ABOUT THIS TASK:
Find the string "expi" in the records. Copy each line that has it.
EXERCISE DATA below:
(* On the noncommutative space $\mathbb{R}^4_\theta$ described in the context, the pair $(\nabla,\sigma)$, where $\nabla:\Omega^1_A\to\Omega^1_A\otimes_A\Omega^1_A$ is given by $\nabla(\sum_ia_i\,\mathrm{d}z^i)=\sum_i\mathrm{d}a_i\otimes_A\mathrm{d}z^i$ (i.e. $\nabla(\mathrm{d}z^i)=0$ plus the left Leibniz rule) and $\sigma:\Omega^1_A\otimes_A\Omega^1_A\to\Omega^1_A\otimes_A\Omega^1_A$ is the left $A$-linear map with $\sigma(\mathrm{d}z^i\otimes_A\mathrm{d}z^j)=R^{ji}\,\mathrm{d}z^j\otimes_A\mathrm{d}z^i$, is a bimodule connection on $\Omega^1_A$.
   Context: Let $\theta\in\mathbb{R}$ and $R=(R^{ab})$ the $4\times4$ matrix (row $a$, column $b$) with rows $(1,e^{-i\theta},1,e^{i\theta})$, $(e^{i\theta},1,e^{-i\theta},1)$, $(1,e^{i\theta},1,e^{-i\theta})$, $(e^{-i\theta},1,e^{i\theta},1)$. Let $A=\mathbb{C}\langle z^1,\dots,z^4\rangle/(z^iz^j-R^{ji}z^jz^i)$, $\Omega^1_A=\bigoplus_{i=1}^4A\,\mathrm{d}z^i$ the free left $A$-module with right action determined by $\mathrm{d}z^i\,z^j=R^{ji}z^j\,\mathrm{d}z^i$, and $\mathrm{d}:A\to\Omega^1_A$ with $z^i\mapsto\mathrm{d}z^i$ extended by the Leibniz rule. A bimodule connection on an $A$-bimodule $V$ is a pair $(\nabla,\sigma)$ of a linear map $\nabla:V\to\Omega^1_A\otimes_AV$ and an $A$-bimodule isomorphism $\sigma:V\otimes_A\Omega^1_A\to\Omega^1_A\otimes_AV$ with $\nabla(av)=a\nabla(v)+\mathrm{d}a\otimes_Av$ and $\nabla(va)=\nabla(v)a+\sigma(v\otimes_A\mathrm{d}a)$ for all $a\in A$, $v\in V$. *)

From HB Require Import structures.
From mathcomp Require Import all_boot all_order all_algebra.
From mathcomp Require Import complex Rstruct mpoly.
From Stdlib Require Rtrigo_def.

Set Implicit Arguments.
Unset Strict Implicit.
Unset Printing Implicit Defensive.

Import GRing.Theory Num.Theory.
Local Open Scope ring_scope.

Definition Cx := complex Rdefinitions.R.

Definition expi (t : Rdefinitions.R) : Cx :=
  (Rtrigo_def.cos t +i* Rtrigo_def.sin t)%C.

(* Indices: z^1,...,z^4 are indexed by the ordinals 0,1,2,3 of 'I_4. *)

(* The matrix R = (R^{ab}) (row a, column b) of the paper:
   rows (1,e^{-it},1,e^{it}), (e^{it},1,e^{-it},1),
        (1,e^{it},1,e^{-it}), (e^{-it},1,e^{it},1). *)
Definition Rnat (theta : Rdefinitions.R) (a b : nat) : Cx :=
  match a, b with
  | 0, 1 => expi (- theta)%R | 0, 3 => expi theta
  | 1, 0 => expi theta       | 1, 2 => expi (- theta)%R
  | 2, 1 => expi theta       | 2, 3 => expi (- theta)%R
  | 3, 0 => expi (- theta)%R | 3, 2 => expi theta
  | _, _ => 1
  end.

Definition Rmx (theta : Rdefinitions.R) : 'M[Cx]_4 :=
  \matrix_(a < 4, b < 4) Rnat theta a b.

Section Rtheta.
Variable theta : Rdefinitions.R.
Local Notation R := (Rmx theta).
End of EXERCISE DATA.
OUTPUT OF THE EXERCISE:
Definition expi (t : Rdefinitions.R) : Cx :=
  | 0, 1 => expi (- theta)%R | 0, 3 => expi theta
  | 1, 0 => expi theta       | 1, 2 => expi (- theta)%R
  | 2, 1 => expi theta       | 2, 3 => expi (- theta)%R
  | 3, 0 => expi (- theta)%R | 3, 2 => expi theta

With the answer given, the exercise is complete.